Lokasi industri telur asin umumnya cukup dekat dengan daerah peternakan
itik dan merupakan daerah pesawahan yang luas seperti di Kabupaten
Cirebon dan Kabupaten Indramayu.
b. Pola Pembiayaan
Pola pembiayaan usaha produksi telur asin dapat berasal dari pengusaha
sendiri maupun dari bank dengan proporsi yang sangat beragam antar
pengusaha. Sumber dana lain berasal dari lembaga Pemerintahan seperti
Merujuk pada perkembangan perbankan syariah, maka pada buku ini salah
satu produk syariah yang digunakan untuk pembiayaan industri telur asin
adalah murabahah (jual beli).
1. Permintaan
Industri telur asin mempunyai peranan yang cukup penting bagi industri
pangan nasional terutama dalam memenuhi kebutuhan protein dan lemak
masyarakat. Persentase telur sebagai sumber protein adalah sebesar 2,08%
dari seluruh bahan pangan yang umum dikonsumsi.

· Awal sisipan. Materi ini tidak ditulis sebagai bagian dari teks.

(* Let $(\mathcal T,\otimes)$ be an $M$-compatible tensor triangulated category and let $\mathscr E$ be a split generator of $\mathcal T$. Let $\tau_{\mathscr E}=-\otimes\mathscr E$ (a triangulated endofunctor of $\mathcal T$). Then $\mathrm{Spc}_\otimes\mathcal T=\mathrm{Spc}^{\tau_{\mathscr E}}\mathcal T\subset\mathrm{Spc}_\triangle\mathcal T$.
   Context: All categories and functors are $k$-linear; triangulated categories are essentially small. For a triangulated category $\mathcal T$, $\mathrm{Th}(\mathcal T)$ is the set of thick subcategories (triangulated full subcategories closed under direct summands) with the Balmer topology (closed sets $V(\mathcal E)=\{\mathcal I:\mathcal I\cap\mathcal E=\emptyset\}$); $\mathscr E$ is a split generator if the smallest thick subcategory containing $\mathscr E$ is $\mathcal T$. A thick subcategory $\mathcal P$ is prime if the thick subcategories strictly containing it have a smallest element; $\mathrm{Spc}_\triangle\mathcal T$ is the subspace of prime thick subcategories. For a triangulated endofunctor $\tau$, $\tau^{-1}(\mathcal P)=\{M:\tau(M)\in\mathcal P\}$ and $\mathrm{Spc}^\tau\mathcal T=\{\mathcal P\in\mathrm{Spc}_\triangle\mathcal T:\tau^{-1}(\mathcal P)=\mathcal P\}$. In a tt-category $(\mathcal T,\otimes)$: a $\otimes$-ideal is a thick $\mathcal I$ with $M\otimes N\in\mathcal I$ for all $M\in\mathcal T,N\in\mathcal I$; a prime $\otimes$-ideal is a $\otimes$-ideal $\mathcal P\neq\mathcal T$ with $M\otimes N\in\mathcal P\Rightarrow M\in\mathcal P$ or $N\in\mathcal P$; $\mathrm{Spc}_\otimes\mathcal T$ is the subspace of prime $\otimes$-ideals. $(\mathcal T,\otimes)$ is $M$-compatible if a thick subcategory is a prime $\otimes$-ideal if and only if it is a prime thick subcategory that is a $\otimes$-ideal. *)

From HB Require Import structures.
From mathcomp Require Import all_boot all_algebra.
Set Implicit Arguments. Unset Strict Implicit. Unset Printing Implicit Defensive.
Import GRing.Theory.
Local Open Scope ring_scope.

Record ttdata (k : fieldType) := TTData {
  Ob : Type;
  Hom : Ob -> Ob -> lmodType k;
  ccomp : forall a b c : Ob, Hom b c -> Hom a b -> Hom a c;
  idm : forall a : Ob, Hom a a;
  zob : Ob;
  shift : Ob -> Ob;
  shiftH : forall a b : Ob, Hom a b -> Hom (shift a) (shift b);
  dist : forall x y z : Ob, Hom x y -> Hom y z -> Hom z (shift x) -> Prop;
  tens : Ob -> Ob -> Ob;
  tensH : forall a b a' b' : Ob, Hom a a' -> Hom b b' -> Hom (tens a b) (tens a' b');
  tunit : Ob;
  tassoc : forall a b c : Ob, Hom (tens (tens a b) c) (tens a (tens b c));
  lunit : forall a : Ob, Hom (tens tunit a) a;
  runit : forall a : Ob, Hom (tens a tunit) a;
  braid : forall a b : Ob, Hom (tens a b) (tens b a);
  shl : forall a b : Ob, Hom (tens (shift a) b) (shift (tens a b));
  shr : forall a b : Ob, Hom (tens a (shift b)) (shift (tens a b));
}.

Arguments ccomp {k T a b c} : rename.
Arguments idm {k T} : rename.
Arguments zob {k T} : rename.
Arguments shift {k T} : rename.
Arguments shiftH {k T a b} : rename.
Arguments dist {k T x y z} : rename.
Arguments tens {k T} : rename.
Arguments tensH {k T a b a' b'} : rename.
Arguments tunit {k T} : rename.
Arguments tassoc {k T} : rename.
Arguments lunit {k T} : rename.
Arguments runit {k T} : rename.
Arguments braid {k T} : rename.
Arguments shl {k T} : rename.
Arguments shr {k T} : rename.

Notation "g \oc f" := (ccomp g f) (at level 40, left associativity).
Notation "a \ot b" := (tens a b) (at level 35, right associativity).

Section TT.
Variables (k : fieldType) (T : ttdata k).
Local Notation Ob := (Ob T).
Local Notation Hom := (@Hom k T).

Definition is_iso (a b : Ob) (f : Hom a b) : Prop :=
  exists g : Hom b a, g \oc f = idm a /\ f \oc g = idm b.

Definition is_biprod (a b c : Ob) (i1 : Hom a c) (i2 : Hom b c)
    (p1 : Hom c a) (p2 : Hom c b) : Prop :=
  [/\ p1 \oc i1 = idm a, p2 \oc i2 = idm b, p1 \oc i2 = 0, p2 \oc i1 = 0
    & i1 \oc p1 + i2 \oc p2 = idm c].

Definition is_kcat : Prop :=
  [/\ (forall a b c d (f : Hom a b) (g : Hom b c) (h : Hom c d),
          h \oc (g \oc f) = (h \oc g) \oc f),
      (forall a b (f : Hom a b), idm b \oc f = f),
      (forall a b (f : Hom a b), f \oc idm a = f),
      (forall a b c (r : k) (g g' : Hom b c) (f : Hom a b),
          (r *: g + g') \oc f = r *: (g \oc f) + g' \oc f)
    & (forall a b c (r : k) (g : Hom b c) (f f' : Hom a b),
          g \oc (r *: f + f') = r *: (g \oc f) + g \oc f')].

Definition is_additive : Prop :=
  [/\ (forall a (f : Hom zob a), f = 0),
      (forall a (f : Hom a zob), f = 0)
    & (forall a b, exists c (i1 : Hom a c) (i2 : Hom b c) (p1 : Hom c a) (p2 : Hom c b),
          is_biprod i1 i2 p1 p2)].

Definition shift_equivalence : Prop :=
  [/\ (forall a b (r : k) (f g : Hom a b), shiftH (r *: f + g) = r *: shiftH f + shiftH g),
      (forall a b c (f : Hom a b) (g : Hom b c), shiftH (g \oc f) = shiftH g \oc shiftH f),
      (forall a : Ob, shiftH (idm a) = idm (shift a)),
      (forall a b, bijective (@shiftH k T a b))
    & (forall y, exists x (f : Hom (shift x) y), is_iso f)].

Definition TR1 : Prop :=
  [/\ (forall x y z (f : Hom x y) (g : Hom y z) (h : Hom z (shift x))
          x' y' z' (f' : Hom x' y') (g' : Hom y' z') (h' : Hom z' (shift x'))
          (a : Hom x x') (b : Hom y y') (c : Hom z z'),
          is_iso a -> is_iso b -> is_iso c ->
          b \oc f = f' \oc a -> c \oc g = g' \oc b -> shiftH a \oc h = h' \oc c ->
          dist f g h -> dist f' g' h'),
      (forall x : Ob, dist (idm x) (0 : Hom x zob) (0 : Hom zob (shift x)))
    & (forall x y (f : Hom x y), exists z (g : Hom y z) (h : Hom z (shift x)), dist f g h)].

Definition TR2 : Prop :=
  forall x y z (f : Hom x y) (g : Hom y z) (h : Hom z (shift x)),
    dist f g h <-> dist g h (- shiftH f).

Definition TR3 : Prop :=
  forall x y z (f : Hom x y) (g : Hom y z) (h : Hom z (shift x))
         x' y' z' (f' : Hom x' y') (g' : Hom y' z') (h' : Hom z' (shift x'))
         (a : Hom x x') (b : Hom y y'),
    dist f g h -> dist f' g' h' -> b \oc f = f' \oc a ->
    exists c : Hom z z', c \oc g = g' \oc b /\ shiftH a \oc h = h' \oc c.

Definition TR4 : Prop :=
  forall x y z (f : Hom x y) (g : Hom y z)
         q1 (p1 : Hom y q1) (d1 : Hom q1 (shift x))
         q2 (p2 : Hom z q2) (d2 : Hom q2 (shift x))
         q3 (p3 : Hom z q3) (d3 : Hom q3 (shift y)),
    dist f p1 d1 -> dist (g \oc f) p2 d2 -> dist g p3 d3 ->
    exists (a : Hom q1 q2) (b : Hom q2 q3),
      [/\ dist a b (shiftH p1 \oc d3),
          a \oc p1 = p2 \oc g, d2 \oc a = d1,
          b \oc p2 = p3 & d3 \oc b = shiftH f \oc d2].

Definition is_triangulated : Prop :=
  [/\ is_kcat, is_additive, shift_equivalence & [/\ TR1, TR2, TR3 & TR4]].

Definition is_symmetric_monoidal : Prop :=
  [/\ [/\ (forall a b a' b' (r : k) (f f' : Hom a a') (g : Hom b b'),
          tensH (r *: f + f') g = r *: tensH f g + tensH f' g),
      (forall a b a' b' (r : k) (f : Hom a a') (g g' : Hom b b'),
          tensH f (r *: g + g') = r *: tensH f g + tensH f g'),
      (forall a b a1 b1 a2 b2 (f : Hom a a1) (f' : Hom a1 a2) (g : Hom b b1) (g' : Hom b1 b2),
          tensH (f' \oc f) (g' \oc g) = tensH f' g' \oc tensH f g)
    & (forall a b : Ob, tensH (idm a) (idm b) = idm (a \ot b))],
      (forall a b c : Ob, is_iso (tassoc a b c)) /\ (forall a : Ob, is_iso (lunit a)) /\
      (forall a : Ob, is_iso (runit a)),
      [/\ (forall a b c a' b' c' (f : Hom a a') (g : Hom b b') (h : Hom c c'),
             tensH f (tensH g h) \oc tassoc a b c = tassoc a' b' c' \oc tensH (tensH f g) h),
          (forall a b (f : Hom a b), f \oc lunit a = lunit b \oc tensH (idm tunit) f),
          (forall a b (f : Hom a b), f \oc runit a = runit b \oc tensH f (idm tunit))
        & (forall a b a' b' (f : Hom a a') (g : Hom b b'),
             tensH g f \oc braid a b = braid a' b' \oc tensH f g)]
    &
      [/\ (forall a b c d : Ob,
             tassoc a b (c \ot d) \oc tassoc (a \ot b) c d
             = tensH (idm a) (tassoc b c d) \oc tassoc a (b \ot c) d
               \oc tensH (tassoc a b c) (idm d)),
          (forall a b : Ob,
             tensH (idm a) (lunit b) \oc tassoc a tunit b = tensH (runit a) (idm b)),
          (forall a b : Ob, braid b a \oc braid a b = idm (a \ot b))
        & (forall a b c : Ob,
             tassoc b c a \oc braid a (b \ot c) \oc tassoc a b c
             = tensH (idm b) (braid a c) \oc tassoc b a c \oc tensH (braid a b) (idm c))]].

Definition tensor_exact : Prop :=
  [/\ (forall a b : Ob, is_iso (shl a b)) /\ (forall a b : Ob, is_iso (shr a b)),
      (forall a b a' b' (f : Hom a a') (g : Hom b b'),
          shiftH (tensH f g) \oc shl a b = shl a' b' \oc tensH (shiftH f) g) /\
      (forall a b a' b' (f : Hom a a') (g : Hom b b'),
          shiftH (tensH f g) \oc shr a b = shr a' b' \oc tensH f (shiftH g)),
      (forall (c : Ob) x y z (f : Hom x y) (g : Hom y z) (h : Hom z (shift x)),
          dist f g h ->
          dist (tensH f (idm c)) (tensH g (idm c)) (shl x c \oc tensH h (idm c))),
      (forall (c : Ob) x y z (f : Hom x y) (g : Hom y z) (h : Hom z (shift x)),
          dist f g h ->
          dist (tensH (idm c) f) (tensH (idm c) g) (shr c x \oc tensH (idm c) h))
    & (forall a b : Ob,
          shiftH (shr a b) \oc shl a (shift b) = - (shiftH (shl a b) \oc shr (shift a) b))].

Definition is_tt_category : Prop :=
  [/\ is_triangulated, is_symmetric_monoidal & tensor_exact].

(* thick subcategories, as full replete subcategories (predicates on objects) *)
Definition thick (I : Ob -> Prop) : Prop :=
  [/\ I zob,
      (forall a b (f : Hom a b), is_iso f -> I a -> I b),
      (forall x, I x <-> I (shift x)),
      (forall x y z (f : Hom x y) (g : Hom y z) (h : Hom z (shift x)),
          dist f g h -> [/\ (I x -> I y -> I z), (I y -> I z -> I x) & (I x -> I z -> I y)])
    & (forall a b c (i1 : Hom a c) (i2 : Hom b c) (p1 : Hom c a) (p2 : Hom c b),
          is_biprod i1 i2 p1 p2 -> I c -> I a)].

Definition subpred (I J : Ob -> Prop) := forall x, I x -> J x.
Definition strict_subpred (I J : Ob -> Prop) := subpred I J /\ exists x, J x /\ ~ I x.

Definition prime_thick (P : Ob -> Prop) : Prop :=
  thick P /\
  exists Q, [/\ thick Q, strict_subpred P Q &
                forall R, thick R -> strict_subpred P R -> subpred Q R].

Definition tensor_ideal (I : Ob -> Prop) : Prop :=
  thick I /\ forall M N, I N -> I (M \ot N).

Definition prime_tensor_ideal (P : Ob -> Prop) : Prop :=
  [/\ tensor_ideal P, (exists x, ~ P x)
    & forall M N, P (M \ot N) -> P M \/ P N].

Definition M_compatible : Prop :=
  forall P, thick P -> (prime_tensor_ideal P <-> prime_thick P /\ tensor_ideal P).

Definition split_generator (E : Ob) : Prop :=
  forall I, thick I -> I E -> forall x, I x.

Definition tau_inv (E : Ob) (P : Ob -> Prop) : Ob -> Prop := fun M => P (M \ot E).

Definition Spc_tensor (P : Ob -> Prop) : Prop := thick P /\ prime_tensor_ideal P.
Definition Spc_tri (P : Ob -> Prop) : Prop := thick P /\ prime_thick P.
Definition Spc_tau (E : Ob) (P : Ob -> Prop) : Prop :=
  Spc_tri P /\ forall M, tau_inv E P M <-> P M.

End TT.

From Pilot Require Import Defs.
From mathcomp Require Import all_boot all_algebra.
Set Implicit Arguments. Unset Strict Implicit. Unset Printing Implicit Defensive.
Import GRing.Theory.
Local Open Scope ring_scope.

(* A prime tensor ideal P is tau_E-stable: M (x) E in P forces M in P, since
   E in P would make P everything (E split-generates); the converse inclusion
   holds in any tensor ideal.  Conversely, if P is tau_E-stable and N is in P,
   the objects X with X (x) N in P form a thick subcategory (- (x) N is exact)
   containing E, since E (x) N ~ N (x) E is in P; so it is everything and P is
   a tensor ideal.  M-compatibility then identifies both kinds of primes. *)

Section TensorTriangulated.
Variables (k : fieldType) (T : ttdata k).
Local Notation Hom := (@Defs.Hom k T).
Hypotheses (hK : is_kcat T) (hA : is_additive T)
  (hS : is_symmetric_monoidal T) (hX : tensor_exact T).

Lemma compm0 (a b c : Ob T) (g : Hom b c) : g \oc (0 : Hom a b) = 0.
Proof.
case: hK => _ _ _ _ comp_linear.
have := comp_linear a b c (-1) g 0 0.
by rewrite scaler0 addr0 scaleN1r addNr.
Qed.

Lemma tensH0l (a b a' b' : Ob T) (g : Hom b b') : tensH (0 : Hom a a') g = 0.
Proof.
case: hS => [[tens_linear _ _ _] _ _ _].
have := tens_linear a b a' b' (-1) 0 0 g.
by rewrite scaler0 addr0 scaleN1r addNr.
Qed.

Lemma tensHDl (a b a' b' : Ob T) (f f' : Hom a a') (g : Hom b b') :
  tensH (f + f') g = tensH f g + tensH f' g.
Proof.
case: hS => [[tens_linear _ _ _] _ _ _].
by have := tens_linear a b a' b' 1 f f' g; rewrite !scale1r.
Qed.

Lemma iso_symm (a b : Ob T) (f : Hom a b) : is_iso f -> exists g : Hom b a, is_iso g.
Proof. by case=> g [gf fg]; exists g; exists f. Qed.

Lemma tensH_iso (a b c : Ob T) (f : Hom a b) : is_iso f -> is_iso (tensH f (idm c)).
Proof.
case: hS => [[_ _ tensH_comp tensH_idm] _ _ _]; case: hK => _ idm_comp _ _ _.
case=> g [gf fg]; exists (tensH g (idm c)).
by rewrite -!tensH_comp !idm_comp gf fg !tensH_idm.
Qed.

Lemma braid_iso (a b : Ob T) : is_iso (braid a b).
Proof. by case: hS => _ _ _ [_ _ braidK _]; exists (braid b a); rewrite !braidK. Qed.

Lemma zob_tens_iso (N : Ob T) : is_iso (0 : Hom zob (zob \ot N)).
Proof.
case: hS => [[_ _ _ tensH_idm] _ _ _]; case: hA => from_zob_0 _ _.
have idm_0 : idm (zob \ot N) = 0.
  by rewrite -tensH_idm (from_zob_0 _ (idm zob)) tensH0l.
by exists 0; rewrite !compm0 idm_0 (from_zob_0 _ (idm zob)).
Qed.

Lemma thick_iso (P : Ob T -> Prop) (a b : Ob T) (f : Hom a b) :
  thick P -> is_iso f -> P a -> P b.
Proof. by case=> _ iso_closed _ _ _; exact: iso_closed. Qed.

Lemma thick_tens_preimage (P : Ob T -> Prop) (N : Ob T) :
  thick P -> thick (fun X => P (X \ot N)).
Proof.
move=> thP; have [P0 _ Pshift Ptri Psummand] := thP.
case: hS => [[_ _ tensH_comp tensH_idm] _ _ _]; case: hK => _ idm_comp _ _ _.
case: hX => [[shl_iso _] _ tens_dist _ _].
split.
- exact: thick_iso thP (zob_tens_iso N) P0.
- by move=> a b f /tensH_iso f_iso; exact: thick_iso thP (f_iso N).
- move=> x; split => Px.
  + have [g g_iso] := iso_symm (shl_iso x N).
    exact: thick_iso thP g_iso ((Pshift _).1 Px).
  + exact: (Pshift _).2 (thick_iso thP (shl_iso x N) Px).
- by move=> x y z f g h /(tens_dist N) /Ptri.
- move=> a b c i1 i2 p1 p2 [p1i1 p2i2 p1i2 p2i1 split_idm] Pc.
  apply: (Psummand _ _ _ (tensH i1 (idm N)) (tensH i2 (idm N))
             (tensH p1 (idm N)) (tensH p2 (idm N))) => //.
  split; rewrite -?tensH_comp ?idm_comp ?p1i1 ?p2i2 ?p1i2 ?p2i1 ?tensH0l ?tensH_idm //.
  by rewrite -tensHDl split_idm tensH_idm.
Qed.

Lemma tensor_ideal_tensr (P : Ob T -> Prop) (M N : Ob T) :
  tensor_ideal P -> P M -> P (M \ot N).
Proof.
by case=> thP ideal PM; apply: thick_iso thP (braid_iso N M) (ideal N M PM).
Qed.

Lemma prime_tensor_ideal_tau_stable (P : Ob T -> Prop) (E : Ob T) :
  split_generator E -> prime_tensor_ideal P -> forall M, tau_inv E P M <-> P M.
Proof.
move=> genE [idP [x Pnx] Pprime] M; split; last exact: tensor_ideal_tensr.
case/Pprime => // PE; case: Pnx.
by apply: (genE P) PE x; case: idP.
Qed.

Lemma tau_stable_tensor_ideal (P : Ob T -> Prop) (E : Ob T) :
  split_generator E -> thick P -> (forall M, tau_inv E P M <-> P M) ->
  tensor_ideal P.
Proof.
move=> genE thP Pstable; split=> // M N PN.
apply: (genE _ (thick_tens_preimage N thP)).
exact: thick_iso thP (braid_iso N E) ((Pstable N).2 PN).
Qed.

End TensorTriangulated.

Theorem mainTheorem6 (k : fieldType) (T : ttdata k)
  (hT : is_tt_category T) (hM : M_compatible T)
  (E : Ob T) (hE : split_generator E) :
  (forall P : Ob T -> Prop, Spc_tensor P <-> Spc_tau E P) /\
  (forall P : Ob T -> Prop, Spc_tau E P -> Spc_tri P).
Proof.
have [[hK hA _ _] hS hX] := hT.
split=> [P|P []//]; split.
- move=> [thP primeP]; have [prime_thP _] := (hM P thP).1 primeP.
  by split; [|exact: prime_tensor_ideal_tau_stable].
- move=> [[thP prime_thP] stableP]; split=> //.
  apply/(hM P thP); split=> //.
  exact: (tau_stable_tensor_ideal hK hA hS hX hE thP stableP).
Qed.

Menurut data dari BPS Cirebon, produksi telur itik di Kabupaten Cirebon
tahun 2003 adalah sebanyak 24.000.000 butir dengan lebih dari 30% diolah
menjadi telur asin. Sedangkan konsumsi per kapita beberapa jenis telur dan
susu yang dikonsumsi masyarakat Indonesia per kapita disajikan pada Tabel
3.1. Jumlah total telur asin yang dikonsumsi akan didapatkan dari hasil
perkalian nilai di Tabel 3.1 ini dengan jumlah penduduk Indonesia.
Tabel 3.1.
Konsumsi per Kapita Telur dan Susu di Indonesia
Tahun
Komoditi
1990 1993 1996 1999 2002
Telur Itik (butir) 6,6 6,6 4,52 3,22 4,47
Telur Asin (butir) 1,51 1,56 1,98 0,99 1,92
Telur Ayam (kg) 2,55 3,28 4,71 7,88 4,58
Susu (liter) 0,31 0,31 0,21 0,21 0,21
1 kg telur ayam = 16 butir
Sumber : BPS (Data Susenas)
Tabel 3.1 menunjukkan bahwa konsumsi telur tertinggi berasal dari telur
ayam diikuti dengan telur itik tawar kemudian telur asin. Konsumsi telur asin
umumnya hanya sekitar 25 – 30% dibandingkan jumlah konsumsi telur itik
tawar. Persentase ini umumnya tidak mengalami perubahan yang cukup
berarti. Dari tahun ke tahun konsumsi telur asin per kapita umumnya tidak
mengalami perubahan yaitu sekitar 2 butir per orang per tahun.
Pada tahun 1999 terjadi penurunan permintaan telur asin yang cukup besar
dimana pada tahun yang sama terjadi peningkatan konsumsi telur ayam,
dengan pertimbangan bahwa penurunan konsumsi telur asin diakibatkan
beralihnya konsumen ke telur ayam. Meski demikian pada tahun-tahun
berikutnya perbandingan konsumsi telur per kapita sudah kembali pada nilai
–nilai yang hampir sama dengan tahun sebelumnya.
Tabel 3.2.
Pengeluaran per Kapita untuk Bahan Pangan Masyarakat Kabupaten Cirebon
Pengeluaran pada tahun (Rp/bulan)
Bahan
1999 2000 2001 2002 2003
Konsumsi Telur +
10.182 13.362 14.341 16.536 16.854
Susu
Total Konsumsi 256.891 276.732 284.881 333.714 386.766
Sumber : BPS Cirebon
Seperti yang diperlihatkan pada Tabel 3.2. pengeluaran per kapita untuk
konsumsi telur dan susu tidak mengalami perubahan yang cukup drastis,
dimana perubahan pengeluaran tersebut lebih disebabkan oleh peningkatan
harga dan bukan oleh peningkatan jumlah pembelian.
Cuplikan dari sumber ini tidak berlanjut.